Talent scout gives kids tips on reaching dreams
Sklar's uncanny wisdom about how to breathe life into dreams, culled from 30 years in show business, proved inspirational to budding young performers and parents who attended a lecture and interview process he offered Friday night at the Academy of Dance Arts in New Milford.
"Don't let people talk you out of your dreams,'' advised the 53-year-old Westchester, N.Y., scout whose protègès include Reese Witherspoon, Mischa Barton, Sarah Jessica Parker, Zachary Ty Bryan and Rick Schroeder.
In Sklar's list of steadfast rules for success, the Harvard-educated musician emphasized that many dreams are doused because people are afraid to make them come true. Anybody who truly wants to be on the stage or in movies must tune out those who fear the competition and rejection -- and push the performer to have a fall-back position.
"If you want to be a performer and you spend all your time pursuing something else -- well, you're not going to be a performer,'' said Sklar, who has a master's degree in education with a concentration in counseling and adolescent development.
And that holds true for any other ambition, he said. One has to believe in the dream and then go for it.
ln the Hollywood and Broadway
That is not to say that years of dance, voice and acting lessons, and frequent auditions and networking with industry folks for opportunities, are not a part of realizing the dream.
If someone suffers from poor self-esteem, no amount of beauty, talent or personality will cover that up and the job will be lost to someone else, Sklar said.
At many auditions, the casting director doesn't care what people answer, but forms an opinion based on their body language, eye movement and attitude.
"You have to like you,'' Sklar said.
Nothing defeats any performer more than being a fake. "If I can't tell who you are, you are useless to me.''
Everyone has doubts, fears and worries. But, like a scary vampire who becomes nothing less than a harmless bat when exposed to light, personal misgivings lose their power when one is able to express them, Sklar said.

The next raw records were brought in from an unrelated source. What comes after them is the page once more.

Lemma rhoAB_eq m n A B c :
  (forall x, vpos n x -> Rbar_le (Fin c) (rAB m n A B x)) ->
  (forall e, e > 0 -> exists x, vpos n x /\ Rbar_le (rAB m n A B x) (Fin (c + e))) ->
  rhoAB m n A B = Fin c.
Proof.
  intros Hlb Hap. set (S := fun v => exists x, vpos n x /\ v = rAB m n A B x).
  assert (Hg : is_glb_Rbar S (Fin c)).
  { split; [intros v [x [Hx ->]]; auto|].
    intros l' Hl'. destruct l' as [a|].
    - simpl. apply Rnot_lt_le. intro Hlt. destruct (Hap ((a - c) / 2)) as [x [Hx Hr]]; [lra|].
      pose proof (Rbar_le_trans _ _ _ (Hl' _ (ex_intro _ x (conj Hx eq_refl))) Hr). simpl in H. lra.
    - destruct (Hap 1) as [x [Hx Hr]]; [lra|].
      exact (Rbar_le_trans _ _ _ (Hl' _ (ex_intro _ x (conj Hx eq_refl))) Hr). }
  unfold rhoAB. fold S.
  assert (He : is_glb_Rbar S (epsilon (inhabits PInf) (is_glb_Rbar S))) by (apply epsilon_spec; eauto).
  destruct He as [He1 He2]. destruct Hg as [Hg1 Hg2].
  apply Rbar_le_antisym; [apply Hg2, He1 | apply He2, Hg1].
Qed.

(** * Sections of the column owner map of [B] *)

(* The conditions of a WN-pair on [B] alone. *)
Definition col_monomial (m n : nat) (B : mat) : Prop :=
  (forall i j, (i < m)%nat -> (j < n)%nat -> 0 <= B i j) /\
  (forall i, (i < m)%nat -> exists j, (j < n)%nat /\ B i j <> 0) /\
  (forall j, (j < n)%nat -> exactly_one_pos_col m B j).

Definition owner (m : nat) (B : mat) (j : nat) : nat :=
  epsilon (inhabits O) (fun i => (i < m)%nat /\ 0 < B i j).

Definition owner_val (m : nat) (B : mat) (j : nat) : R := B (owner m B j) j.

Definition is_section (m n : nat) (B : mat) (kap : nat -> nat) : Prop :=
  forall i, (i < m)%nat -> (kap i < n)%nat /\ owner m B (kap i) = i.

(* [A_K D^-1] for the columns [K = kap [0, m)] and [D] the diagonal of their positive [B]-entries;
   it is similar to [B_K^-1 A_K]. *)
Definition section_mat (m : nat) (A B : mat) (kap : nat -> nat) : mat :=
  fun i' i => A i' (kap i) / owner_val m B (kap i).

Definition in_image (m : nat) (B : mat) (kap : nat -> nat) (j : nat) : bool :=
  Nat.eqb (kap (owner m B j)) j.

(* Supported on the image of [kap], with [B (lift z) = z] and [A (lift z) = section_mat z]. *)
Definition lift (m : nat) (B : mat) (kap : nat -> nat) (z : vec) : vec :=
  fun j => if in_image m B kap j then z (owner m B j) / owner_val m B j else 0.

Section Sections.
Variables (m n : nat) (B : mat).
Hypothesis HB : col_monomial m n B.

Lemma owner_spec j : (j < n)%nat ->
  (owner m B j < m)%nat /\ 0 < owner_val m B j /\
  (forall i, (i < m)%nat -> i <> owner m B j -> B i j = 0).
Proof.
  intros Hj. destruct HB as [Hnn [_ Hcol]]. destruct (Hcol j Hj) as [i0 [Hi0 [Hp Hu]]].
  assert (Hs : (owner m B j < m)%nat /\ 0 < B (owner m B j) j)
    by (unfold owner; apply epsilon_spec; eauto).
  unfold owner_val. split; [tauto | split; [tauto|]].
  intros i Hi Hne. destruct (Hnn i j Hi Hj) as [Hlt|Heq]; auto.
  exfalso. apply Hne. rewrite (Hu i Hi Hlt). symmetry; apply Hu; tauto.
Qed.

Lemma owner_eq i j : (i < m)%nat -> (j < n)%nat -> 0 < B i j -> owner m B j = i.
Proof.
  intros Hi Hj Hp. destruct (owner_spec j Hj) as [_ [_ H0]].
  destruct (Nat.eq_dec i (owner m B j)); auto. rewrite H0 in Hp; auto. lra.
Qed.

Lemma rsum_col (w : nat -> R) j : (j < n)%nat ->
  rsum m (fun i => w i * B i j) = w (owner m B j) * owner_val m B j.
Proof.
  intros Hj. destruct (owner_spec j Hj) as [H1 [_ H3]].
  rewrite (rsum_single m _ (owner m B j)); auto. intros. rewrite H3; auto; ring.
Qed.

Lemma mulv_B_pos x : vpos n x -> forall i, (i < m)%nat -> 0 < mulv n B x i.
Proof.
  intros Hx i Hi. destruct HB as [Hnn [Hrow _]]. destruct (Hrow i Hi) as [j [Hj Hne]].
  apply (rsum_pos n _ j); auto.
  - intros; apply Rmult_le_pos; auto. apply Rlt_le, Hx; auto.
  - apply Rmult_lt_0_compat; auto. destruct (Hnn i j Hi Hj); auto. congruence.
Qed.

Lemma section_exists : exists kap, is_section m n B kap.
Proof.
  destruct HB as [Hnn [Hrow _]].
  exists (fun i => epsilon (inhabits O) (fun j => (j < n)%nat /\ B i j <> 0)).
  intros i Hi.
  destruct (epsilon_spec (inhabits O) (fun j => (j < n)%nat /\ B i j <> 0) (Hrow i Hi)) as [H1 H2].
  split; auto. apply owner_eq; auto. destruct (Hnn i _ Hi H1); auto. congruence.
Qed.

Section OneSection.
Variable kap : nat -> nat.
Hypothesis Hkap : is_section m n B kap.

Lemma section_inj i i' : (i < m)%nat -> (i' < m)%nat -> kap i = kap i' -> i = i'.
Proof. intros Hi Hi' He. destruct (Hkap i Hi), (Hkap i' Hi'). congruence. Qed.

Lemma in_image_iff j : (j < n)%nat ->
  in_image m B kap j = true <-> exists i, (i < m)%nat /\ kap i = j.
Proof.
  intros Hj. unfold in_image. rewrite Nat.eqb_eq. split.
  - intros. exists (owner m B j). split; auto. apply owner_spec; auto.
  - intros [i [Hi <-]]. destruct (Hkap i Hi). congruence.
Qed.

Lemma in_image_section i : (i < m)%nat -> in_image m B kap (kap i) = true.
Proof. intros Hi. apply in_image_iff; [apply Hkap | exists i]; auto. Qed.

Lemma lift_section z i : (i < m)%nat -> lift m B kap z (kap i) = z i / owner_val m B (kap i).
Proof.
  intros Hi. unfold lift. rewrite in_image_section by auto. destruct (Hkap i Hi) as [_ ->]. auto.
Qed.

Lemma rsum_image (g : nat -> R) :
  (forall j, (j < n)%nat -> in_image m B kap j = false -> g j = 0) ->
  rsum n g = rsum m (fun i => g (kap i)).
Proof.
  intros Hg. apply rsum_reindex; [apply Hkap | apply section_inj|].
  intros j Hj Hn. apply Hg; auto. destruct (in_image m B kap j) eqn:E; auto.
  apply in_image_iff in E; auto. destruct E as [i [Hi He]]. exfalso; eapply Hn; eauto.
Qed.

Lemma mulv_B_image z : (forall j, (j < n)%nat -> in_image m B kap j = false -> z j = 0) ->
  forall i, (i < m)%nat -> mulv n B z i = owner_val m B (kap i) * z (kap i).
Proof.
  intros Hz i Hi. unfold mulv. rewrite rsum_image.
  - rewrite (rsum_single m _ i); auto.
    + destruct (Hkap i Hi) as [_ E]. unfold owner_val. rewrite E. auto.
    + intros i' Hi' Hne. destruct (Hkap i' Hi') as [Hk E].
      destruct (owner_spec _ Hk) as [_ [_ H0]]. rewrite H0; [ring | auto | congruence].
  - intros j Hj Hf. rewrite Hz; auto. ring.
Qed.

Lemma lift_image z j : in_image m B kap j = false -> lift m B kap z j = 0.
Proof. intros Hf. unfold lift. rewrite Hf. auto. Qed.

Lemma mulv_B_lift z i : (i < m)%nat -> mulv n B (lift m B kap z) i = z i.
Proof.
  intros Hi. rewrite mulv_B_image, lift_section by (auto; intros; apply lift_image; auto).
  destruct (Hkap i Hi) as [Hk _]. destruct (owner_spec _ Hk) as [_ [Hb _]]. field. lra.
Qed.

Lemma mulv_lift A z i : mulv n A (lift m B kap z) i = mulv m (section_mat m A B kap) z i.
Proof.
  unfold mulv. rewrite rsum_image.
  - apply rsum_ext. intros i' Hi'. rewrite lift_section by auto. unfold section_mat, Rdiv. ring.
  - intros j Hj Hf. rewrite lift_image; auto. ring.
Qed.

Lemma lift_nonneg z : vnonneg m z -> vnonneg n (lift m B kap z).
Proof.
  intros Hz j Hj. unfold lift. destruct (in_image m B kap j); [|lra].
  destruct (owner_spec j Hj) as [H1 [H2 _]]. apply Rmult_le_pos; [apply Hz; auto|].
  apply Rlt_le, Rinv_0_lt_compat; auto.
Qed.

Lemma section_mat_nonneg A : (forall i j, (i < m)%nat -> (j < n)%nat -> 0 <= A i j) ->
  mnonneg m (section_mat m A B kap).
Proof.
  intros HA i l Hi Hl. destruct (Hkap l Hl) as [Hk _].
  destruct (owner_spec _ Hk) as [_ [Hb _]]. apply Rmult_le_pos; auto.
  apply Rlt_le, Rinv_0_lt_compat; auto.
Qed.

Lemma section_mat_pos A : (forall i j, (i < m)%nat -> (j < n)%nat -> 0 < A i j) ->
  mpos m (section_mat m A B kap).
Proof.
  intros HA i l Hi Hl. destruct (Hkap l Hl) as [Hk _].
  destruct (owner_spec _ Hk) as [_ [Hb _]]. apply Rdiv_lt_0_compat; auto.
Qed.

Lemma mulv_plus_const F x d i : mulv n F (fun j => x j + d) i = mulv n F x i + d * rsum n (F i).
Proof. unfold mulv. rewrite <- rsum_scal_l, <- rsum_plus. apply rsum_ext. intros; ring. Qed.

(* A sub-eigenvector [z > 0] of the section matrix lifts to a nonnegative vector; adding a
   small constant [d] makes it positive at the cost of an arbitrarily small [e] in the quotient. *)
Lemma lift_perturb A z t e : (forall i j, (i < m)%nat -> (j < n)%nat -> 0 <= A i j) ->
  vpos m z -> 0 <= t -> (forall i, (i < m)%nat -> mulv m (section_mat m A B kap) z i <= t * z i) ->
  e > 0 ->
  exists x, vpos n x /\ (forall i, (i < m)%nat -> mulv n A x i <= (t + e) * mulv n B x i) /\
    (forall j, (j < n)%nat -> Rabs (x j - lift m B kap z j) <= e).
Proof.
  intros HA Hz Ht Hsub He.
  set (S := rsum m (fun i => rsum n (A i) / z i)).
  assert (Hrow : forall i, (i < m)%nat -> 0 <= rsum n (A i) / z i).
  { intros i Hi. apply Rmult_le_pos; [apply rsum_nonneg; intros; apply HA; auto|].
    apply Rlt_le, Rinv_0_lt_compat, Hz; auto. }
  assert (HS : forall i, (i < m)%nat -> rsum n (A i) <= S * z i).
  { intros i Hi. apply Rdiv_le_iff; [apply Hz; auto|]. apply (rsum_ge_term m (fun i => rsum n (A i) / z i)); auto. }
  assert (HS0 : 0 <= S) by (apply rsum_nonneg; auto).
  set (d := e / (1 + S)).
  assert (Hd : 0 < d) by (apply Rdiv_lt_0_compat; lra).
  assert (HdS : d * S <= e /\ d <= e).
  { unfold d. split.
    - replace (e / (1 + S) * S) with (e * S / (1 + S)) by (field; lra).
      apply Rdiv_le_iff; nra.
    - apply Rdiv_le_iff; nra. }
  pose proof (lift_nonneg z (fun j Hj => Rlt_le _ _ (Hz j Hj))) as Hlift.
  exists (fun j => lift m B kap z j + d). split; [|split].
  - intros j Hj. specialize (Hlift j Hj). lra.
  - intros i Hi. rewrite !mulv_plus_const, mulv_lift, mulv_B_lift by auto.
    assert (0 <= rsum n (B i)) by (apply rsum_nonneg; intros; apply (proj1 HB); auto).
    specialize (Hsub i Hi). specialize (HS i Hi). specialize (Hz i Hi).
    assert (d * rsum n (A i) <= e * z i).
    { apply Rle_trans with (d * (S * z i)); [apply Rmult_le_compat_l; lra|].
      rewrite <- Rmult_assoc. apply Rmult_le_compat_r; lra. }
    assert (0 <= (t + e) * (d * rsum n (B i))) by (apply Rmult_le_pos; [lra | apply Rmult_le_pos; lra]).
    nra.
  - intros j Hj. replace (lift m B kap z j + d - lift m B kap z j) with d by ring.
    rewrite Rabs_right; lra.
Qed.

End OneSection.
End Sections.

Section RhoSections.
Variables (m n : nat) (A B : mat).
Hypotheses (Hm : (1 <= m)%nat) (HB : col_monomial m n B)
  (HA : forall i j, (i < m)%nat -> (j < n)%nat -> 0 <= A i j).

"You have to practice every day being aware of how you really feel about you,'' he said.
Two other keys are healthy eating habits -- lots of water, green vegetables, limited caffeine and sugar, and handwashing -- and staving off romantic relationships until one's career has been clearly established.
"Unhappy and unhealthy people end up unemployed,'' Sklar said.
As for college, Sklar is a big believer that advanced education is a must "if you don't want to be stupid.'' But the education cannot be too narrow or one will end up a bore in real life, he declared.
"You need to major in something that makes you more interesting to talk to,'' Sklar said. "You need to choose something -- history, sociology, psychology -- that will make you have a wider perspective on life.''
And, he said, "If you do these things that I suggest, you will be unstoppable."